• _Extracted information_
Definition C_flat_witness (V : finType) (R : realType) (G C : sgraph V) (k : nat)
    (Gs : nat -> sgraph V) (Gt : sgraph V)
    (pos : V -> (R * R)%type) (arc : {set V} -> R -> (R * R)%type) : Prop :=
  [/\
      wf_graph Gt /\ plane_embedding pos arc Gt,
      (forall i, i <= k -> wf_graph (Gs i)) /\
      gV G = \bigcup_(i < k.+1) gV (Gs i) /\ gE G = \bigcup_(i < k.+1) gE (Gs i) /\
      (forall i j, i <= k -> j <= k -> i != j -> [disjoint gE (Gs i) & gE (Gs j)]),
      subgraph C (Gs 0) /\ subgraph (Gs 0) Gt /\ gV Gt = gV (Gs 0) /\
      (forall F, face pos arc Gt F -> ~ bounded_set2 F ->
         boundary F = drawing pos arc (gV C) (gE C)),
      (forall i, 0 < i <= k ->
        let A := gV (Gs i) :&: gV (Gs 0) in
        [/\ #|A| <= 3,
            forall u v, u != v -> A = [set u; v] -> adj Gt u v
          & forall u v w, u != v -> v != w -> u != w -> A = [set u; v; w] ->
              exists F, [/\ face pos arc Gt F, bounded_set2 F,
                [&& adj Gt u v, adj Gt v w & adj Gt u w] &
                boundary F = drawing pos arc finset.set0 [set [set u; v]; [set v; w]; [set u; w]]]])
    &
      (forall i j, 0 < i <= k -> 0 < j <= k -> i != j ->
         gV (Gs i) :&: gV (Gs j) \subset gV (Gs 0))].

From HB Require Import structures.
From mathcomp Require Import all_boot all_order all_algebra.
From mathcomp Require Import all_classical all_reals all_analysis.
From mathcomp Require Import zify.
From mathcomp Require Import ssrbool eqtype ssrnat seq path fintype finset.
Set Implicit Arguments. Unset Strict Implicit. Unset Printing Implicit Defensive.
Local Open Scope nat_scope.

(* For the grid vertex (a, b) take as branch set the image in G of the two middle
   vertices of row a+1 in brick column b together with three incident wall edges; these sets are
   connected, pairwise disjoint and adjacent along the grid, and their traces on V(G_0) are the
   branch sets of the minor in Gt.  Connectivity and adjacency survive the restriction to V(G_0)
   because a detour through some G_i (i > 0) enters and leaves G_0 at attachment vertices of G_i,
   which are pairwise adjacent in Gt.  Each branch set meets G_0: otherwise it would lie inside a
   single G_i, yet four disjoint wall paths lead from it to pegs, which lie on C and hence in G_0,
   so G_i would need four distinct attachment vertices. *)

Section Connectivity.
Variable V : finType.
Implicit Types (H : sgraph V) (S : {set V}).

Lemma adjC H u v : adj H u v = adj H v u.
Proof. by rewrite /adj setUC. Qed.

Lemma wf_adj H u v : wf_graph H -> adj H u v -> [/\ u \in gV H, v \in gV H & u != v].
Proof.
move=> wfH /wfH /andP[card_uv sub_uv]; rewrite cards2 in card_uv.
by rewrite !(subsetP sub_uv) ?inE ?eqxx ?orbT //; case: (u != v) card_uv.
Qed.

• _Assignment_
Set the data down again in full. Keep it exact.

• _Written answer_
Definition C_flat_witness (V : finType) (R : realType) (G C : sgraph V) (k : nat)
    (Gs : nat -> sgraph V) (Gt : sgraph V)
    (pos : V -> (R * R)%type) (arc : {set V} -> R -> (R * R)%type) : Prop :=
  [/\
      wf_graph Gt /\ plane_embedding pos arc Gt,
      (forall i, i <= k -> wf_graph (Gs i)) /\
      gV G = \bigcup_(i < k.+1) gV (Gs i) /\ gE G = \bigcup_(i < k.+1) gE (Gs i) /\
      (forall i j, i <= k -> j <= k -> i != j -> [disjoint gE (Gs i) & gE (Gs j)]),
      subgraph C (Gs 0) /\ subgraph (Gs 0) Gt /\ gV Gt = gV (Gs 0) /\
      (forall F, face pos arc Gt F -> ~ bounded_set2 F ->
         boundary F = drawing pos arc (gV C) (gE C)),
      (forall i, 0 < i <= k ->
        let A := gV (Gs i) :&: gV (Gs 0) in
        [/\ #|A| <= 3,
            forall u v, u != v -> A = [set u; v] -> adj Gt u v
          & forall u v w, u != v -> v != w -> u != w -> A = [set u; v; w] ->
              exists F, [/\ face pos arc Gt F, bounded_set2 F,
                [&& adj Gt u v, adj Gt v w & adj Gt u w] &
                boundary F = drawing pos arc finset.set0 [set [set u; v]; [set v; w]; [set u; w]]]])
    &
      (forall i j, 0 < i <= k -> 0 < j <= k -> i != j ->
         gV (Gs i) :&: gV (Gs j) \subset gV (Gs 0))].

From HB Require Import structures.
From mathcomp Require Import all_boot all_order all_algebra.
From mathcomp Require Import all_classical all_reals all_analysis.
From mathcomp Require Import zify.
From mathcomp Require Import ssrbool eqtype ssrnat seq path fintype finset.
Set Implicit Arguments. Unset Strict Implicit. Unset Printing Implicit Defensive.
Local Open Scope nat_scope.

(* For the grid vertex (a, b) take as branch set the image in G of the two middle
   vertices of row a+1 in brick column b together with three incident wall edges; these sets are
   connected, pairwise disjoint and adjacent along the grid, and their traces on V(G_0) are the
   branch sets of the minor in Gt.  Connectivity and adjacency survive the restriction to V(G_0)
   because a detour through some G_i (i > 0) enters and leaves G_0 at attachment vertices of G_i,
   which are pairwise adjacent in Gt.  Each branch set meets G_0: otherwise it would lie inside a
   single G_i, yet four disjoint wall paths lead from it to pegs, which lie on C and hence in G_0,
   so G_i would need four distinct attachment vertices. *)

Section Connectivity.
Variable V : finType.
Implicit Types (H : sgraph V) (S : {set V}).

Lemma adjC H u v : adj H u v = adj H v u.
Proof. by rewrite /adj setUC. Qed.

Lemma wf_adj H u v : wf_graph H -> adj H u v -> [/\ u \in gV H, v \in gV H & u != v].
Proof.
move=> wfH /wfH /andP[card_uv sub_uv]; rewrite cards2 in card_uv.
by rewrite !(subsetP sub_uv) ?inE ?eqxx ?orbT //; case: (u != v) card_uv.
Qed.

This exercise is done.